Still, it should be lost on no one that Dave East's last two projects, Hoffa and HDIGH, have been independent releases for his own FTD brand without clear ties to Def Jam or Mass Appeal. UMG-owned Ingrooves handled HDIGH's distribution, which suggests there's still some professional business apparatus between the two in place. (Though rumor and speculation about his status at Def Jam have circulated online for a few years now, he remains part of the roster on the label's website and no announcement to the contrary has been made.) Regardless, it's probably a good idea for Benny and Dave to sit down together soon for a frank one-on-one discussion about their currently shared record label, assuming they haven't done so already...
iblss, raja's sun (buy it / stream it)
Already known to AKAI SOLO fans as one of his go-to producers, the Brooklyn-based iblss has put together a project that's neither beat tape nor mixtape nor album. Dedicated to his literal dog, raja's sun is sublime psychedelic defiance of preconceived format, a roughly half hour trip warmed by afrofuturist cosmic rays and jazzy vibrations. Along the way, he's joined by supreme rap practitioners like Nappy Nina and S!LENCE. Even with talents such as those in the mix, Quelle Chris nearly steals the whole show with "bebe's peace," its syrupy slow pace and midnight brass undertones the perfect complements to his Primus-referencing feature. But even when the emcees are absent, iblss evokes wonderment and conjures awe, particularly on the magnificent "maitake" and "quilombos."
Def Soulja & Streeta G, Militant Minded (buy it / stream it)
In this Griseldan era, with some of the best emcees both hitting their stride and achieving recognition in their mid-to-late-30s, age really ain't nothing but a number. Rome Streetz co-signed Bronx native Def Soulja has been running that marathon for longer than most underground rappers would even have the stamina for, a quality that exudes from his new project with producer Streeta G. He understands the grind most intimately, exemplified by the cinematic title track and the evocative "Rusty Blade." Elsewhere, he links with Harlem's Hobx on the noirish bap of "100Moe" and Bub Styles on the kush-and-cold-cut scented "Figure It Out." The finale "Tunnel Vision" shows that, thankfully, he has no plans to exit the rap game anytime soon.
Elcamino & Chase Fetti, Bethlehem (buy it / stream it)

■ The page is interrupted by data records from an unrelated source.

Lemma interpolant_zero_left_derivative u : s < u <= t ->
  forall e, 0 < e -> exists2 d, 0 < d &
    forall h, 0 < h < d -> s <= u - h -> `|phi u - phi (u - h)| <= e * h.
Proof.
move=> /andP[su ut] e e0; have Ju : J u by apply: J_between; rewrite ltW.
have [[lin1 _ comp1] [_ _ comp2]] := (hG1, hG2).
have [_ inv2 _ _ _] := hreg2; have [w hw] := inv2 u t Ju Jt ut f.
have e10 : 0 < e / (M + 1) by rewrite divr_gt0 // ltr_wpDl.
have [d d0 hd] := backward_differences_close w Ju e10.
exists d => // h hd' suh; have h0 : 0 < h by case/andP: hd'.
have Juh : J (u - h) by apply: J_between; rewrite suh; lra.
have uhu : u - h <= u by lra.
rewrite /phi -(comp2 (u - h) u t) // -hw -(comp1 s (u - h) u) // -bounded_linearB.
  rewrite (le_trans (hM _ _)) ?suh //=; first lra.
  apply: le_trans (ler_wpM2l M0 (hd h hd' Juh)) _.
  rewrite mulrA ler_wpM2r ?(ltW h0) //.
  exact: mul_div_addr1_le (ltW e0).
exact: lin1.
Qed.

End Interpolant.

Lemma regular_semigroups_agree (f : Y1) s t : J s -> J t -> s <= t ->
  G1 s t (i f) = G2 s t (i f).
Proof.
move=> Js Jt st; have [_ id1 _] := hG1; have [_ id2 _] := hG2.
have [_ _ _ cont1 _] := hreg1.
have [M M0 hM] := inh_semigroup_uniform_bound hJ hG1 cont1 Js Jt st.
have := eq_of_zero_left_derivative st
  (interpolant_right_continuous f Js Jt M0 hM)
  (interpolant_zero_left_derivative f Js Jt M0 hM).
by rewrite id1 // id2.
Qed.

End RegularSemigroups.

Theorem corollary2p11 (R : realType)
  (Y Y1 : completeNormedModType R) (i : Y1 -> Y)
  (hY : separable Y) (hY1 : separable Y1)
  (hi_lin : forall (a : R) (x y : Y1), i (a *: x + y) = a *: i x + i y)
  (hi_inj : injective i) (hi_cont : continuous i)
  (J : set R) (hJ : time_set J)
  (G1 G2 : R -> R -> Y -> Y)
  (hG1 : inh_semigroup J G1) (hG2 : inh_semigroup J G2)
  (hreg1 : regular i J G1) (hreg2 : regular i J G2)
  (hA : forall (f : Y1) (t : R), J t ->
          generator J G1 t (i f) = generator J G2 t (i f)) :
  (forall (f : Y1) (s t : R), J s -> J t -> s <= t ->
      G1 s t (i f) = G2 s t (i f)) /\
  (closure (range i) = setT ->
      forall (f : Y) (s t : R), J s -> J t -> s <= t -> G1 s t f = G2 s t f).
Proof.
have agree := regular_semigroups_agree hi_cont hJ hG1 hG2 hreg1 hreg2 hA.
split=> // dense f s t Js Jt st.
have [[lin1 _ _] [lin2 _ _]] := (hG1, hG2).
suff -> : G1 s t = G2 s t by [].
apply: continuous_eq_on_dense dense _.
- exact: (lin1 s t Js Jt st).2.
- exact: (lin2 s t Js Jt st).2.
- by move=> _ [y _ <-]; exact: agree.
Qed.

New York and New Jersey unite in Bethlehem, a collaborative tape from two artists connected to some of the tri-state's iconic 21st century hip-hop crews. Buffalo's Elcamino is affiliated with, though not specifically signed to, Griselda, while Cliffwood rapper Chase Fetti first rode with the A$AP Mob more than a decade ago. Together they make for quite the potent pair, trading verbose and vicious verses on "Josh Allen" and "Emma Aispuro." While most of these tracks hit the system like uncut dope, things soften considerably on "Cookin' For Me," a closing cut reminiscent of G-Unit's romantic paeans to the ladies. Production comes courtesy of ILL Tone, his beats bouncing between the sweet soul of "Black Bar Mitzvah" and the piano dramatics of "Red Magic."